SolvePnP for Camera Pose - 【OpenCV 學習筆記】

OpenCV 的 SolvePnP 可以求解一物點 3D 物空間坐標與其對應像點 2D 像坐標的轉換關係，在某些條件已知時，這個轉換關係可以延伸為相機的 pose，使其成為一種定位定向方法，與攝影測量的後方交會有異曲同工之妙。

2023 年 7 月 31 日

SolvePnP 簡介

學生時期用過攝影測量的後方交會法 (resection)，基於共線式 (collinearity equation) 、已知的內方位參數( Interior Orientation )“與三個以上物空間坐標已知的特徵點，解算相機的外方位參數 ( Exterior Orientation )，做為人/車的 pose 位置與姿態，發展導航定位應用。事實上，這就是 SolvePnP 方法。

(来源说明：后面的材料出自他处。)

(* Let $X$ be a space satisfying ${\sf S}_1(\mathcal{G}_K,\mathcal{G})$. Then for each sequence $(\mathcal{U}_n:n\in\mathbb{N})$ of elements of $\mathcal{G}_K$ there is a sequence $(U_n:n\in\mathbb{N})$ with $U_n\in\mathcal{U}_n$ for each $n$, such that for each $x\in X$, for all but finitely many $n$, \[ x\in \bigcup_{T_n<j\le T_{n+1}} U_j, \] where $T_n=1+2+\cdots+n$ is the $n$-th triangular number.
   Context: All spaces are infinite ${\sf T}_1$ topological spaces. $\mathcal{G}_K$ is the family of all collections $\mathcal{U}$ of ${\sf G}_\delta$ subsets of $X$ with $X\notin\mathcal{U}$ such that each compact subset of $X$ is contained in some member of $\mathcal{U}$. $\mathcal{G}$ is the family of all covers of $X$ by ${\sf G}_\delta$ sets. ${\sf S}_1(\mathcal{A},\mathcal{B})$: for each sequence $(A_n)$ of elements of $\mathcal{A}$ there are $B_n\in A_n$ with $\{B_n:n\in\mathbb{N}\}\in\mathcal{B}$. *)

From Stdlib Require Import List Arith.

Set Implicit Arguments.

Record topology (X : Type) : Type := {
  is_open : (X -> Prop) -> Prop;
  open_full : is_open (fun _ => True);
  open_empty : is_open (fun _ => False);
  open_union : forall F : (X -> Prop) -> Prop,
      (forall U, F U -> is_open U) ->
      is_open (fun x => exists U, F U /\ U x);
  open_inter : forall U V, is_open U -> is_open V ->
      is_open (fun x => U x /\ V x);
  open_ext : forall U V, (forall x, U x <-> V x) -> is_open U -> is_open V
}.

Definition T1 {X : Type} (tau : topology X) : Prop :=
  forall x y : X, x <> y ->
    exists U, is_open tau U /\ U x /\ ~ U y.

Definition infinite_type (X : Type) : Prop :=
  ~ exists l : list X, forall x : X, In x l.

Definition G_delta {X : Type} (tau : topology X) (A : X -> Prop) : Prop :=
  exists V : nat -> X -> Prop,
    (forall n, is_open tau (V n)) /\ (forall x, A x <-> forall n, V n x).

Definition compact {X : Type} (tau : topology X) (K : X -> Prop) : Prop :=
  forall F : (X -> Prop) -> Prop,
    (forall U, F U -> is_open tau U) ->
    (forall x, K x -> exists U, F U /\ U x) ->
    exists l : list (X -> Prop),
      (forall U, In U l -> F U) /\ (forall x, K x -> exists U, In U l /\ U x).

Definition G_K {X : Type} (tau : topology X) (UU : (X -> Prop) -> Prop) : Prop :=
  (forall U, UU U -> G_delta tau U) /\
  ~ (exists U, UU U /\ forall x, U x) /\
  (forall K, compact tau K -> exists U, UU U /\ forall x, K x -> U x).

Definition G_cov {X : Type} (tau : topology X) (UU : (X -> Prop) -> Prop) : Prop :=
  (forall U, UU U -> G_delta tau U) /\ (forall x, exists U, UU U /\ U x).

Definition S1 {X : Type} (A B : ((X -> Prop) -> Prop) -> Prop) : Prop :=
  forall seq : nat -> (X -> Prop) -> Prop,
    (forall n, A (seq n)) ->
    exists Bs : nat -> X -> Prop,
      (forall n, seq n (Bs n)) /\ B (fun V => exists n, V = Bs n).

Fixpoint tri (n : nat) : nat :=
  match n with
  | 0 => 0
  | S m => tri m + S m
  end.

From Stdlib Require Import Arith Lia Cantor IndefiniteDescription.

(** Split the positive integers into consecutive blocks: the
    [n]-th block is [(tri n, tri (S n)]], whose elements are [tri n + 1 + k]
    for [k <= n].  For each [k], the sets obtained by intersecting one member
    of [UU (tri n + 1 + k)] for every block [n >= k] again form a member of
    [G_K] (G_delta sets are closed under countable intersections, a compact
    set fits into one member of each family, and an intersection equal to X
    would force a member of the first family to be X).  Applying
    [S1 (G_K tau) (G_cov tau)] to these diagonal families yields sets [B k]
    covering X; [B k] is an intersection of chosen sets sitting at position
    [k] of every block [n >= k].  Since positions in distinct blocks never
    collide, these choices assemble into one selector [U], and a point of
    [B k] then lies in [U (tri n + 1 + k)] for every block [n >= k].
    The file first treats the block decomposition of [nat], then the closure
    properties of [G_delta] and [G_K], and finally derives [lemma4p5]. *)

Lemma tri_mono : forall n m, n <= m -> tri n <= tri m.
Proof. intros n m H; induction H; simpl; lia. Qed.

Lemma tri_block_unique : forall n k n' k', k <= n -> k' <= n' ->
  tri n + 1 + k = tri n' + 1 + k' -> n = n' /\ k = k'.
Proof.
  intros n k n' k' Hk Hk' E.
  destruct (lt_eq_lt_dec n n') as [[Hlt|Heq]|Hlt].
  - pose proof (tri_mono (S n) n' Hlt) as T; simpl in T; lia.
  - subst n'; lia.
  - pose proof (tri_mono (S n') n Hlt) as T; simpl in T; lia.
Qed.

Lemma tri_block_exists : forall j, exists n k, k <= n /\ S j = tri n + 1 + k.
Proof.
  induction j as [|j IH].
  - exists 0, 0; simpl; lia.
  - destruct IH as [n [k [Hk E]]].
    destruct (Nat.eq_dec k n) as [->|Hne].
    + exists (S n), 0; simpl; lia.
    + exists n, (S k); lia.
Qed.

Lemma select_on_blocks {T : Type} (P : nat -> T -> Prop) (G : nat -> nat -> T) :
  (exists v, P 0 v) ->
  (forall n k, k <= n -> P (tri n + 1 + k) (G n k)) ->
  exists U : nat -> T,
    (forall j, P j (U j)) /\
    (forall n k, k <= n -> U (tri n + 1 + k) = G n k).
Proof.
  intros [v0 Hv0] HG.
  assert (Hsel : forall j, exists v, P j v /\
            forall n k, k <= n -> j = tri n + 1 + k -> v = G n k).
  { intros [|j].
    - exists v0; split; [exact Hv0|]. intros; lia.
    - destruct (tri_block_exists j) as [n [k [Hk E]]].
      exists (G n k); split; [rewrite E; exact (HG n k Hk)|].
      intros n' k' Hk' E'. rewrite E in E'.
      destruct (tri_block_unique _ _ _ _ Hk Hk' E') as [-> ->]; reflexivity. }
  apply functional_choice in Hsel as [U HU].
  exists U; split.
  - intro j; apply (proj1 (HU j)).
  - intros n k Hk; exact (proj2 (HU _) n k Hk eq_refl).
Qed.

Section Closure.
Context {X : Type} (tau : topology X).

(** A countable intersection of G_delta sets is G_delta
    (re-index the doubly indexed open sets by the Cantor pairing). *)
Lemma G_delta_countable_inter (A : nat -> X -> Prop) :
  (forall n, G_delta tau (A n)) -> G_delta tau (fun x => forall n, A n x).
Proof.
  intro HA.
  apply functional_choice in HA as [V HV].
  exists (fun m => let (n, i) := of_nat m in V n i); split.
  - intro m; destruct (of_nat m) as [n i]; apply (proj1 (HV n)).
  - intro x; split.
    + intros Hx m; destruct (of_nat m) as [n i].
      apply (proj2 (HV n)), Hx.
    + intros Hx n; apply (proj2 (HV n)); intro i.
      specialize (Hx (to_nat (n, i))); rewrite cancel_of_to in Hx; exact Hx.
Qed.

(** The empty set is compact, so every member of [G_K] is inhabited. *)
Lemma G_K_inhabited (UU : (X -> Prop) -> Prop) : G_K tau UU -> exists U, UU U.
Proof.
  intros [_ [_ Hcpt]].
  destruct (Hcpt (fun _ => False)) as [U [HU _]].
  - intros F _ _; exists nil; split; simpl; tauto.
  - exists U; exact HU.
Qed.

Definition diagonal (V : nat -> (X -> Prop) -> Prop) (B : X -> Prop) : Prop :=
  exists f : nat -> X -> Prop,
    (forall n, V n (f n)) /\ (forall x, B x <-> forall n, f n x).

Lemma diagonal_G_K (V : nat -> (X -> Prop) -> Prop) :
  (forall n, G_K tau (V n)) -> G_K tau (diagonal V).
Proof.
  intro HV; split; [|split].
  - intros B [f [Hf HB]].
    assert (Hinter : G_delta tau (fun x => forall n, f n x)).
    { apply G_delta_countable_inter; intro n; exact (proj1 (HV n) _ (Hf n)). }
    destruct Hinter as [W [HWo HW]].
    exists W; split; [exact HWo|]. intro x; rewrite HB; apply HW.
  - intros [B [[f [Hf HB]] Hfull]].
    apply (proj1 (proj2 (HV 0))).
    exists (f 0); split; [apply Hf|]. intro x; exact (proj1 (HB x) (Hfull x) 0).
  - intros K HK.
    assert (Hfit : forall n, exists U, V n U /\ forall x, K x -> U x)
      by (intro n; exact (proj2 (proj2 (HV n)) K HK)).
    apply functional_choice in Hfit as [g Hg].
    exists (fun x => forall n, g n x); split.
    + exists g; split; [intro n; apply (proj1 (Hg n))|]. tauto.
    + intros x Kx n; exact (proj2 (Hg n) x Kx).
Qed.

End Closure.

Theorem lemma4p5 (X : Type) (tau : topology X)
  (HT1 : T1 tau) (Hinf : infinite_type X)
  (HS1 : S1 (G_K tau) (G_cov tau)) :
  forall UU : nat -> (X -> Prop) -> Prop,
    (forall n, G_K tau (UU n)) ->
    exists U : nat -> X -> Prop,
      (forall n, UU n (U n)) /\
      (forall x : X, exists N : nat, forall n : nat, N <= n ->
         exists j : nat, tri n < j /\ j <= tri (S n) /\ U j x).
Proof.
  intros UU HUU.
  (* The [k]-th diagonal family uses position [k] of the blocks [n + k]. *)
  set (column k n := UU (tri (n + k) + 1 + k)).
  destruct (HS1 (fun k => diagonal (column k))
                (fun k => diagonal_G_K tau (column k) (fun n => HUU _)))
    as [B [HB [_ Hcover]]].
  apply functional_choice in HB as [F HF].
  destruct (select_on_blocks UU (fun n k => F k (n - k))
              (G_K_inhabited tau (UU 0) (HUU 0))) as [U [HU HUblock]].
  { intros n k Hk.
    replace (tri n + 1 + k) with (tri (n - k + k) + 1 + k)
      by (f_equal; f_equal; f_equal; lia).
    apply (proj1 (HF k)). }
  exists U; split; [exact HU|].
  intro x; destruct (Hcover x) as [Bk [[k ->] Hx]].
  exists k; intros n Hn.
  exists (tri n + 1 + k); split; [lia|]; split; [simpl; lia|].
  rewrite (HUblock n k Hn).
  exact (proj1 (proj2 (HF k) x) Hx (n - k)).
Qed.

Photogrammetry 攝影測量 -【知識筆記】

攝影測量 Photogrammetry 介紹

共線式是基於共線條件的數學式，該條件是一個物點，與其影像上對應的像點，會和攝影中心一起，三點構成一條直線，如下圖。因此相機攝影中心、物點與其對應像點，雖然各自處於不同的坐標系統：Camera coordinate system、World coordinate system 與 Image coordinate system，但彼此間具備共線數學關係。此一關係可由同一特徵點的物空間坐標、像點坐標、相機內方位參數，以及相機外方位參數構成。相機內方位參數包含像主點 (影像中心點) 、焦距跟透鏡畸變參數；相機外方位參數包含相機攝影中心的物空間坐標與其姿態 (roll, pitch, yaw)。相關內容會在攝影測量篇介紹，本篇就不多加贅述。

https://docs.opencv.org/4.x/d5/d1f/calib3d_solvePnP.html

SolvePnP 基於類似的概念，使用本質矩陣 (Essential Matrix)，以矩陣運算方法，求解特徵點的物空間坐標，轉換到像坐標所需的旋轉與平移矩陣 (R & T Matrix)。詳細的說，這兩個矩陣可以把物點的物空間坐標，轉換到相機坐標系，或是再配合內方位參數，轉換到影像坐標系。 SolvePnP 核心公式即構建此一關係，如下圖標示，其中 u, v 表示像點坐標，f_x, f_y 為相機焦距，c_x, c_y 為像主點座標。 r₁₁~r₃₃ 是旋轉矩陣 R 或 rotation vector (rvec) 的元素，t_x, t_y, t_z 是平移向量 T 或 translation vector (tvec) 的元素，X_w, Y_w, Z_w 為物空間坐標。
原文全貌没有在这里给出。